My trip to Texas next week is Thursday morning to Monday morning. I’ve got some spare time on the trip, but not a lot. After getting there, I still have some driving to do. and some time is not yet scheduled. It is my plan to visit both stores that are close, as well as the memorial service for my friend, the rest is yet up in the air. Usually, my plans for a trip include more things than I actually get done. Nevertheless, I plan them, anyway. Makes for good stories about what interferes and what is my fault or who or what I can blame. Most blame goes to weather. Once, I had most of a Sunday free, so I wanted to visit a church I had heard about, Heading South out of Houston, I went to what I thought would be the correct exit, turned right, believing I was headed West on the proper road. In a hard driving rain, I motored about as far as I thought I should and started watching signs to find the city limit sign for this small town. Finally, I found it. It wasn’t the small town I was looking for, it said Houston!! I had turned North instead of West—dark with clouds, heavy rain, ARGH! but, that won’t happen now, I’ve got Seri! She’ll keep me going where I need to go.
By the way I’m writing, you probably think the SIMH this morning is “500 Miles Away From Home,” but that’s not it. Instead, it is “Going Out of My Head”—written by Teddy Randazzo, made popular by Little Anthony and the Imperials—-bring back any memories for ya? Luther Vandross also did a version, Dionne Warwick, Sergio Mendes, etc. Anthony’s and Luther’s were the best of the bunch. Strange love songs stick in my head, do they you, also?
A basketball note: Indiana University’s team this year may be a great bunch of students and make straight As in their academic endeavors, but they don’t think well in the game. They choose, more often than not, to make the wrong moves, make the wrong passes, or take the wrong shot. My “great” analyzing talents aside, most any observer of the game would say the same. It is as though they were not used to playing against anyone that is really good, like they don’t expect anyone to be better than they. There’s no chance for success if that is the case. Maybe it’s coaching, but I doubt it. Maybe they don’t like one another, but I doubt that, too. I think it comes back to my first statement: they don’t think well in the game. They’ve lost 5 games in a row, all Big 10 conference games.
While it is important to have confidence that one can get ‘er done, it is also imperative to have confidence in one’s teammates. It looks as though these teammates share the floor with one another only after being prompted by the coach.

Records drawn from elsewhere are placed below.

Theorem mainTheorem9 (p : params) (Hp : standing p) :
  (* G_3(K) exists and is unique for every K > K* *)
  (forall K, Kstar p < K ->
     (exists S I1 Rr, G3 p K S I1 Rr) /\
     (forall S I1 Rr S' I1' Rr', G3 p K S I1 Rr -> G3 p K S' I1' Rr' ->
        S = S' /\ I1 = I1' /\ Rr = Rr')) /\
  (* properties of K |-> G_3(K) = (S(K), I1(K), 0, 0, R(K)) *)
  (forall S I1 Rr : R -> R,
     (forall K, Kstar p < K -> G3 p K (S K) (I1 K) (Rr K)) ->
     (forall K1 K2, Kstar p < K1 -> K1 < K2 -> Rr K1 < Rr K2) /\
     (forall K1 K2, Kstar p < K1 -> K1 < K2 -> I1 K1 < I1 K2) /\
     (forall K1 K2, Kstar p < K1 -> K1 < K2 -> S K2 < S K1) /\
     filterlim Rr (at_right (Kstar p)) (locally 0) /\
     filterlim I1 (at_right (Kstar p)) (locally 0) /\
     filterlim S (at_right (Kstar p)) (locally (sigma1 p)) /\
     (forall K, Kstar p < K ->
        0 < I1 K /\ I1 K < (mu4' p - mu0 p) / alpha1 p /\
        (mu1 p - mu4' p) / alpha1 p < S K /\
        S K < (mu1 p - mu0 p) / alpha1 p)).
Proof.
  pose proof (Kstar_pos p Hp) as HKstar.
  split.
  - intros K HK; split; [exact (G3_exists p Hp K HK)|].
    intros until Rr'; apply (G3_unique p Hp); lra.
  - intros S I Rr HG.
    assert (Hlt : forall K1 K2, Kstar p < K1 -> K1 < K2 ->
                  I K1 < I K2 /\ Rr K1 < Rr K2 /\ S K2 < S K1).
    { intros K1 K2 HK1 HK12; apply (G3_lt p Hp K1 K2); [lra|exact HK12|apply HG; lra..]. }
    assert (Hnear := fun K HK => G3_near_Kstar p Hp K _ _ _ HK (HG K HK)).
    assert (Hcoef : 0 <= (b p - mu0 p) / b p /\
                    0 <= (b p - mu0 p) / (alpha1 p * Kstar p)).
    { pose proof (standing_admissible p Hp) as (Ha & Hc & HcB & _ & Hb & _).
      split; apply Rlt_le, Rdiv_lt_0_compat; nra. }
    split; [|split; [|split; [|split; [|split; [|split]]]]].
    + intros K1 K2 HK1 HK12; apply (Hlt K1 K2 HK1 HK12).
    + intros K1 K2 HK1 HK12; apply (Hlt K1 K2 HK1 HK12).
    + intros K1 K2 HK1 HK12; apply (Hlt K1 K2 HK1 HK12).
    + apply (filterlim_at_right_of_linear_bound _ _ _ _ (proj1 Hcoef)); apply Hnear.
    + apply (filterlim_at_right_of_linear_bound _ _ _ _ (proj2 Hcoef)); apply Hnear.
    + apply (filterlim_at_right_of_linear_bound _ _ _ _ (proj2 Hcoef)); apply Hnear.
    + intros K HK; apply (G3_bounds p Hp K _ _ _ ltac:(lra) (HG K HK)).
Qed.
Fixpoint ext_count (P : pred 'M[F]_k) (r : nat) (S : 'M[F]_k) : nat :=
  if r is r'.+1 then \sum_(b : V | ~~ (b <= S)%MS) ext_count P r' (S + b)%MS
  else P S.

Lemma card_mul_le_ext_count (P : pred 'M[F]_k) r S (SS : {set 'M[F]_k}) :
  (forall W, W \in SS -> [/\ <<W>>%MS = W, (S <= W)%MS & \rank W = \rank S + r]%N) ->
  (forall X, <<X>>%MS \in SS -> P X) ->
  (#|SS| * \prod_(i < r) (q ^ (\rank S + r) - q ^ (\rank S + i)) <= ext_count P r S)%N.
Proof.
elim: r S SS => [|r IH] S SS SS_sub SS_P /=.
  have SS1 : SS \subset [set <<S>>%MS].
    apply/subsetP => W WS; have [gW SW rW] := SS_sub W WS.
    rewrite inE -gW; apply/eqP/eq_genmx/eqmx_sym/eqmxP.
    by rewrite -(mxrank_leqif_eq SW) rW addn0.
  rewrite big_ord0 muln1; have [PS|PS] := boolP (P S).
    by rewrite (leq_trans (subset_leq_card SS1)) ?cards1.
  rewrite leqn0 cards_eq0; apply: contraNT PS => /set0Pn [W WS]; apply: SS_P.
  by have := subsetP SS1 W WS; rewrite inE => /eqP <-.
set j := \rank S; set Pr := (\prod_(i < r) (q ^ (j.+1 + r) - q ^ (j.+1 + i)))%N.
have -> : (\prod_(i < r.+1) (q ^ (j + r.+1) - q ^ (j + i)))%N
    = ((q ^ (j + r.+1) - q ^ j) * Pr)%N.
  by rewrite big_ord_recl addn0 -addSnnS; congr (_ * _)%N; apply: eq_bigr => i _; rewrite -addSnnS.
pose SSb (b : V) := [set W in SS | (b <= W)%MS].
have double_count : (#|SS| * (q ^ (j + r.+1) - q ^ j) =
    \sum_(b : V | ~~ (b <= S)%MS) #|SSb b|)%N.
  transitivity (\sum_(W in SS) \sum_(b : V | (b <= W)%MS && ~~ (b <= S)%MS) 1)%N.
    rewrite -sum_nat_const; apply: eq_bigr => W WS; have [_ SW rW] := SS_sub W WS.
    by rewrite sum1dep_card card_submx_diff // rW.
  rewrite (exchange_big_dep (fun b : V => ~~ (b <= S)%MS)) /=; last by move=> W b _ /andP [].
  apply: eq_bigr => b bS; rewrite sum1dep_card; apply: eq_card => W.
  by rewrite !inE bS andbT.
rewrite mulnA double_count big_distrl /=; apply: leq_sum => b bS.
rewrite /Pr /j -(mxrank_adds_row bS); apply: IH => [W|X]; rewrite ?inE.
  case/andP => WS bW; have [-> SW ->] := SS_sub W WS.
  by rewrite addsmx_sub SW bW mxrank_adds_row // addSnnS.
by case/andP=> /SS_P.
Qed.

All that I just said about Indiana applies to my other Indiana team, Butler, as well. Butler has a point guard who doesn’t know how to pass and not shoot. That’s called a bad point guard. Announcers, the conference teams, and his teammates expect him to just be great. But, he is mediocre at best. He probably will make it in pros, so perhaps that’s where he should be playing. He doesn’t fit in college play without changing.
I’m sure you were all worried about that, so I straightened it all out, ok?